Collected data entries
=== Section Start ===
(* Let $\psi$ be a difference-of-ratios (DoR) fairness property, let $\pi$ be a Static-Fair shield with period $T$, and let $\tau=\tau_1\cdots\tau_m\in\mathtt{FT}^{mT}_{\theta,\pi}$ with $|\tau_i|=T$ for all $i\le m$. If $\mathtt{den}^g(\tau_i)=\mathtt{den}^g(\tau_j)$ for all $i,j\le m$ and $g\in\{a,b\}$, then $\psi(\tau)\le\kappa$.
   Context: Input space $\mathcal{X}=\{a,b\}\times\{0,1\}\times\mathbb{C}$ ($\mathbb{C}\subset\mathbb{R}_{\ge0}$ finite; an input $x=(g,r,c)$ is group, recommended decision, intervention cost), output space $\mathcal{Y}=\{0,1\}$, input distribution $\theta\in\mathcal{D}(\mathcal{X})$, bias threshold $\kappa$. A shield is $\pi:(\mathcal{X}\times\mathcal{Y})^*\times\mathcal{X}\to\mathcal{Y}$, and $\Pi^T$ the shields defined on $(\mathcal{X}\times\mathcal{Y})^{\le T}\times\mathcal{X}$. $\mathtt{FT}^t_{\theta,\pi}$: traces $(x_1,y_1)\dots(x_t,y_t)$ with $\theta(x_i)>0$ and $y_i=\pi((x_1,y_1)\dots(x_{i-1},y_{i-1}),x_i)$. $\mathit{cost}(\tau)=\sum c_i\mathbb{1}[r_i\ne y_i]$, $\mathbb{E}[\mathit{cost};\theta,\pi,T]=\sum_{\tau\in(\mathcal{X}\times\mathcal{Y})^T}\mathit{cost}(\tau)\prod\theta(x_i)\mathbb{1}[\tau\in\mathtt{FT}^T_{\theta,\pi}]$. A statistic is single-counter if it maps traces to $\mathbb{N}$, additive if $\mu(\tau\tau')=\mu(\tau)+\mu(\tau')$. $\psi$ is DoR if for each group $g$ the welfare is $\mathtt{WF}^g(\tau)=\mathtt{num}^g(\tau)/\mathtt{den}^g(\tau)$ with $\mathtt{num}^g,\mathtt{den}^g$ additive single-counter statistics, and $\psi(\tau)=|\mathtt{WF}^a(\tau)-\mathtt{WF}^b(\tau)|$ (with $\psi=0$ if a welfare is undefined). A finite-horizon (FinHzn) shield for horizon $T$ is $\pi^*\in\arg\min_{\pi\in\Pi_{\mathtt{fair}}^{\theta,T}}\mathbb{E}[\mathit{cost};\theta,\pi,T]$ with $\Pi_{\mathtt{fair}}^{\theta,T}=\{\pi\in\Pi^T:\forall\tau\in\mathtt{FT}^T_{\theta,\pi},\psi(\tau)\le\kappa\}$. The concatenation of shields $\pi_1,\pi_2,\dots\in\Pi^T$ is the shield $\pi$ with $\pi(\tau\tau',x)=\pi_{j+1}(\tau',x)$ whenever $|\tau|=jT$ and $|\tau'|<T$. A Static-Fair shield is the concatenation of infinitely many copies of one FinHzn shield. *)

From HB Require Import structures.
From mathcomp Require Import all_boot all_order all_algebra.
From mathcomp Require Import reals.
Set Implicit Arguments. Unset Strict Implicit. Unset Printing Implicit Defensive.
Import Order.TTheory GRing.Theory Num.Theory.
Local Open Scope ring_scope.

Inductive grp := ga | gb.
Definition grp_code (g : grp) : bool := if g is ga then true else false.
Definition grp_decode (b : bool) : grp := if b then ga else gb.
Lemma grp_codeK : cancel grp_code grp_decode. Proof. by case. Qed.
HB.instance Definition _ := Equality.copy grp (can_type grp_codeK).
HB.instance Definition _ := Finite.copy grp (can_type grp_codeK).

Section Shields.
Variable R : realType.
Variable C : seq R.  (* the finite set C of intervention costs *)

Definition X := (grp * bool * seq_sub C)%type.
Definition grp_of (x : X) : grp := x.1.1.
Definition rec_of (x : X) : bool := x.1.2.
Definition cost_of (x : X) : R := ssval x.2.

Definition trace := seq (X * bool).
(* A shield: (X x Y)^* x X -> Y.  A shield of Pi^T is modelled as a total
   function; only its values on traces of length <= T are ever used. *)
Definition shield := trace -> X -> bool.

Definition distribution (theta : {ffun X -> R}) :=
  (forall x, 0 <= theta x) /\ \sum_x theta x = 1.

Fixpoint ft_from (theta : {ffun X -> R}) (pi : shield) (p tau : trace) : bool :=
  match tau with
  | [::] => true
  | (x, y) :: s => [&& 0 < theta x, y == pi p x & ft_from theta pi (rcons p (x, y)) s]
  end.
Definition FT (theta : {ffun X -> R}) (pi : shield) (t : nat) (tau : trace) : bool :=
  (size tau == t) && ft_from theta pi [::] tau.

Definition cost (tau : trace) : R :=
  \sum_(xy <- tau) cost_of xy.1 * (rec_of xy.1 != xy.2)%:R.

Definition exp_cost (theta : {ffun X -> R}) (pi : shield) (T : nat) : R :=
  \sum_(tau : T.-tuple (X * bool))
     cost tau * (\prod_(xy <- tau) theta xy.1) * (FT theta pi T tau)%:R.

Definition statistic := trace -> nat.
Definition additive_stat (mu : statistic) :=
  forall tau tau' : trace, mu (tau ++ tau') = (mu tau + mu tau')%N.

(* Difference-of-ratios property built from num^g, den^g;
   psi = 0 if a welfare is undefined (zero denominator). *)
Definition dor (num den : grp -> statistic) (tau : trace) : R :=
  if (den ga tau == 0%N) || (den gb tau == 0%N) then 0
  else `| (num ga tau)%:R / (den ga tau)%:R - (num gb tau)%:R / (den gb tau)%:R |.

Definition is_DoR_decomp (num den : grp -> statistic) :=
  forall g, additive_stat (num g) /\ additive_stat (den g).

Definition fair (theta : {ffun X -> R}) (psi : trace -> R) (kappa : R)
    (T : nat) (pi : shield) :=
  forall tau, FT theta pi T tau -> psi tau <= kappa.

Definition FinHzn (theta : {ffun X -> R}) (psi : trace -> R) (kappa : R)
    (T : nat) (pistar : shield) :=
  fair theta psi kappa T pistar /\
  forall pi', fair theta psi kappa T pi' ->
    exp_cost theta pistar T <= exp_cost theta pi' T.

Definition concatenation (T : nat) (pis : nat -> shield) (pi : shield) :=
  forall (j : nat) (tau tau' : trace) (x : X),
    size tau = (j * T)%N -> (size tau' < T)%N ->
    pi (tau ++ tau') x = pis j.+1 tau' x.

Definition StaticFair (theta : {ffun X -> R}) (psi : trace -> R) (kappa : R)
    (T : nat) (pi : shield) :=
  exists pistar, FinHzn theta psi kappa T pistar /\
                 concatenation T (fun _ => pistar) pi.

End Shields.

From HB Require Import structures.
From mathcomp Require Import all_boot all_order all_algebra.
From mathcomp Require Import reals.
From mathcomp Require Import zify ring.
Import Order.TTheory GRing.Theory Num.Theory.
Local Open Scope ring_scope.

(* Within each period the Static-Fair shield replays the FinHzn shield from an
   empty history, so every block tau_i is a trace of that shield of length T
   and satisfies psi(tau_i) <= kappa.  Additivity and the equal denominators
   make each group's welfare on tau the average of its welfares on the blocks,
   so psi(tau) is the absolute value of the average of the blocks' welfare gaps,
   which is at most the average of the psi(tau_i). *)

Section Traces.
Context {R : realType} {C : seq R}.
Variable theta : {ffun X C -> R}.

Lemma ft_from_cat (pi : shield C) p s s' :
  ft_from theta pi p (s ++ s') = ft_from theta pi p s && ft_from theta pi (p ++ s) s'.
Proof.
elim: s p => [|[x y] s IH] p /=; first by rewrite cats0.
by rewrite IH -cats1 -catA /= !andbA.
Qed.

Lemma ft_from_concatenation {pistar pi : shield C} {T : nat} {pre : trace C} {j : nat} :
  concatenation T (fun=> pistar) pi -> size pre = (j * T)%N ->
  forall s p, (size p + size s <= T)%N ->
  ft_from theta pi (pre ++ p) s = ft_from theta pistar p s.
Proof.
move=> hcat hpre; elim=> [|[x y] s IH] p //= hs.
rewrite (hcat j) //; last by move: hs; rewrite /=; lia.
by rewrite rcons_cat IH // size_rcons; move: hs => /=; lia.
Qed.

Lemma FT_concatenation_blocks {pistar pi : shield C} {T : nat} {taus : seq (trace C)}
    (pre : trace C) (j : nat) :
  concatenation T (fun=> pistar) pi -> (forall s, s \in taus -> size s = T) ->
  size pre = (j * T)%N -> ft_from theta pi pre (flatten taus) ->
  forall s, s \in taus -> FT theta pistar T s.
Proof.
move=> hcat; elim: taus pre j => [|t ts IH] pre j hsize hpre //=.
have ht : size t = T by apply: hsize; rewrite mem_head.
rewrite ft_from_cat => /andP[hft hfts] s; rewrite inE => /orP[/eqP -> | hs].
  by rewrite /FT ht eqxx -(ft_from_concatenation hcat hpre t [::]) ?cats0 //= ht.
apply: (IH (pre ++ t) j.+1) hfts s hs.
  by move=> u hu; apply: hsize; rewrite inE hu orbT.
by rewrite size_cat hpre ht; lia.
Qed.

Lemma FT_exists (pi : shield C) n :
  distribution theta -> exists tau, FT theta pi n tau.
Proof.
case=> theta_ge0 theta_sum1.
have [x0 theta_x0] : exists x0, 0 < theta x0.
  case: (pickP (fun x => 0 < theta x)) => [x0 hx0 | hnone]; first by exists x0.
  suff : \sum_x theta x = 0 by rewrite theta_sum1; move/eqP; rewrite oner_eq0.
  by apply: big1 => x _; apply/eqP; rewrite eq_le theta_ge0 andbT leNgt hnone.
suff extend p : exists tau, (size tau == n) && ft_from theta pi p tau by exact: extend.
elim: n p => [|n IH] p; first by exists [::].
have [tau /andP[/eqP hsize hft]] := IH (rcons p (x0, pi p x0)).
by exists ((x0, pi p x0) :: tau); rewrite /= hsize theta_x0 !eqxx hft.
Qed.

End Traces.

Section DifferenceOfRatios.
Context {R : realType} {C : seq R}.
Context {num den : grp -> statistic C}.

Lemma dor_ge0 tau : 0 <= dor num den tau :> R.
Proof. by rewrite /dor; case: ifP. Qed.

Lemma fair_dor_kappa_ge0 {theta : {ffun X C -> R}} {kappa : R} {T : nat}
    {pistar : shield C} :
  distribution theta -> fair theta (dor num den) kappa T pistar -> 0 <= kappa.
Proof.
move=> htheta hfair; have [tau hFT] := FT_exists theta pistar T htheta.
exact: le_trans (dor_ge0 tau) (hfair tau hFT).
Qed.

Lemma additive_stat_nil {mu : statistic C} : additive_stat mu -> mu [::] = 0%N.
Proof. by move=> hmu; have := hmu [::] [::]; rewrite cat0s; lia. Qed.

Lemma additive_stat_flatten {mu : statistic C} (ss : seq (trace C)) :
  additive_stat mu -> mu (flatten ss) = (\sum_(s <- ss) mu s)%N.
Proof.
move=> hmu; elim: ss => [|s ss IH] /=; first by rewrite big_nil additive_stat_nil.
by rewrite hmu IH big_cons.
Qed.

Lemma dor_flatten_le {kappa : R} {taus : seq (trace C)} :
  is_DoR_decomp num den -> 0 <= kappa ->
  (forall g s1 s2, s1 \in taus -> s2 \in taus -> den g s1 = den g s2) ->
  (forall s, s \in taus -> dor num den s <= kappa) ->
  dor num den (flatten taus) <= kappa.
Proof.
move=> hdor kappa_ge0 hden hblocks.
case: taus hden hblocks => [|t ts] hden hblocks.
  by rewrite /dor /= (additive_stat_nil (proj2 (hdor ga))).
set taus := t :: ts; set m := size taus.
have den_flatten g : den g (flatten taus) = (m * den g t)%N.
  rewrite additive_stat_flatten; last by case: (hdor g).
  rewrite (eq_big_seq (fun=> den g t)) => [|s hs].
    by rewrite big_const_seq count_predT iter_addn_0 mulnC.
  by apply: hden; rewrite ?mem_head.
have num_flatten g : (num g (flatten taus))%:R = \sum_(s <- taus) (num g s)%:R :> R.
  by rewrite additive_stat_flatten ?natr_sum //; case: (hdor g).
rewrite /dor !den_flatten !muln_eq0 /=.
case: eqP => [//|/eqP da0]; case: eqP => [//|/eqP db0] /=.
pose gap s : R := (num ga s)%:R / (den ga t)%:R - (num gb s)%:R / (den gb t)%:R.
have dor_block s : s \in taus -> dor num den s = `|gap s|.
  by move=> hs; rewrite /dor !(hden _ s t) ?mem_head // (negbTE da0) (negbTE db0).
have -> : (num ga (flatten taus))%:R / (m * den ga t)%:R
        - (num gb (flatten taus))%:R / (m * den gb t)%:R
        = (\sum_(s <- taus) gap s) / m%:R.
  rewrite !num_flatten !natrM sumrB -!mulr_suml.
  by field; rewrite !pnatr_eq0 da0 db0.
rewrite normrM normfV normr_nat ler_pdivrMr ?ltr0n //.
have -> : kappa * m%:R = \sum_(s <- taus) kappa.
  by rewrite big_const_seq count_predT iter_addr_0 mulr_natr.
apply: le_trans (ler_norm_sum _ _ _) _.
rewrite !big_seq; apply: ler_sum => s hs.
by rewrite -dor_block ?hblocks.
Qed.

End DifferenceOfRatios.

Theorem theorem6p2 (R : realType) (C : seq R) (hC : forall c, c \in C -> 0 <= c)
    (theta : {ffun X C -> R}) (htheta : distribution theta) (kappa : R)
    (num den : grp -> statistic C) (hdor : is_DoR_decomp num den)
    (T : nat) (pi : shield C)
    (hpi : StaticFair theta (dor num den) kappa T pi)
    (taus : seq (trace C))
    (hsize : forall s, s \in taus -> size s = T)
    (hFT : FT theta pi (size taus * T) (flatten taus))
    (hden : forall g s1 s2, s1 \in taus -> s2 \in taus -> den g s1 = den g s2) :
  dor num den (flatten taus) <= kappa.
Proof.
have [pistar [[pistar_fair _] hcat]] := hpi.
have blocks_FT :=
  FT_concatenation_blocks theta [::] 0 hcat hsize erefl (proj2 (andP hFT)).
apply: dor_flatten_le hdor (fair_dor_kappa_ge0 htheta pistar_fair) hden _.
by move=> s /blocks_FT /pistar_fair.
Qed.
=== Section End ===
▸ **Your instructions**
With the line holding "(ss : seq (trace" as the first and the line holding "set taus := t :: ts; set m := size taus." as the last, set down that range of the entries above exactly, and nothing else.

▸ **Solution**
Lemma additive_stat_flatten {mu : statistic C} (ss : seq (trace C)) :
  additive_stat mu -> mu (flatten ss) = (\sum_(s <- ss) mu s)%N.
Proof.
move=> hmu; elim: ss => [|s ss IH] /=; first by rewrite big_nil additive_stat_nil.
by rewrite hmu IH big_cons.
Qed.

Lemma dor_flatten_le {kappa : R} {taus : seq (trace C)} :
  is_DoR_decomp num den -> 0 <= kappa ->
  (forall g s1 s2, s1 \in taus -> s2 \in taus -> den g s1 = den g s2) ->
  (forall s, s \in taus -> dor num den s <= kappa) ->
  dor num den (flatten taus) <= kappa.
Proof.
move=> hdor kappa_ge0 hden hblocks.
case: taus hden hblocks => [|t ts] hden hblocks.
  by rewrite /dor /= (additive_stat_nil (proj2 (hdor ga))).
set taus := t :: ts; set m := size taus.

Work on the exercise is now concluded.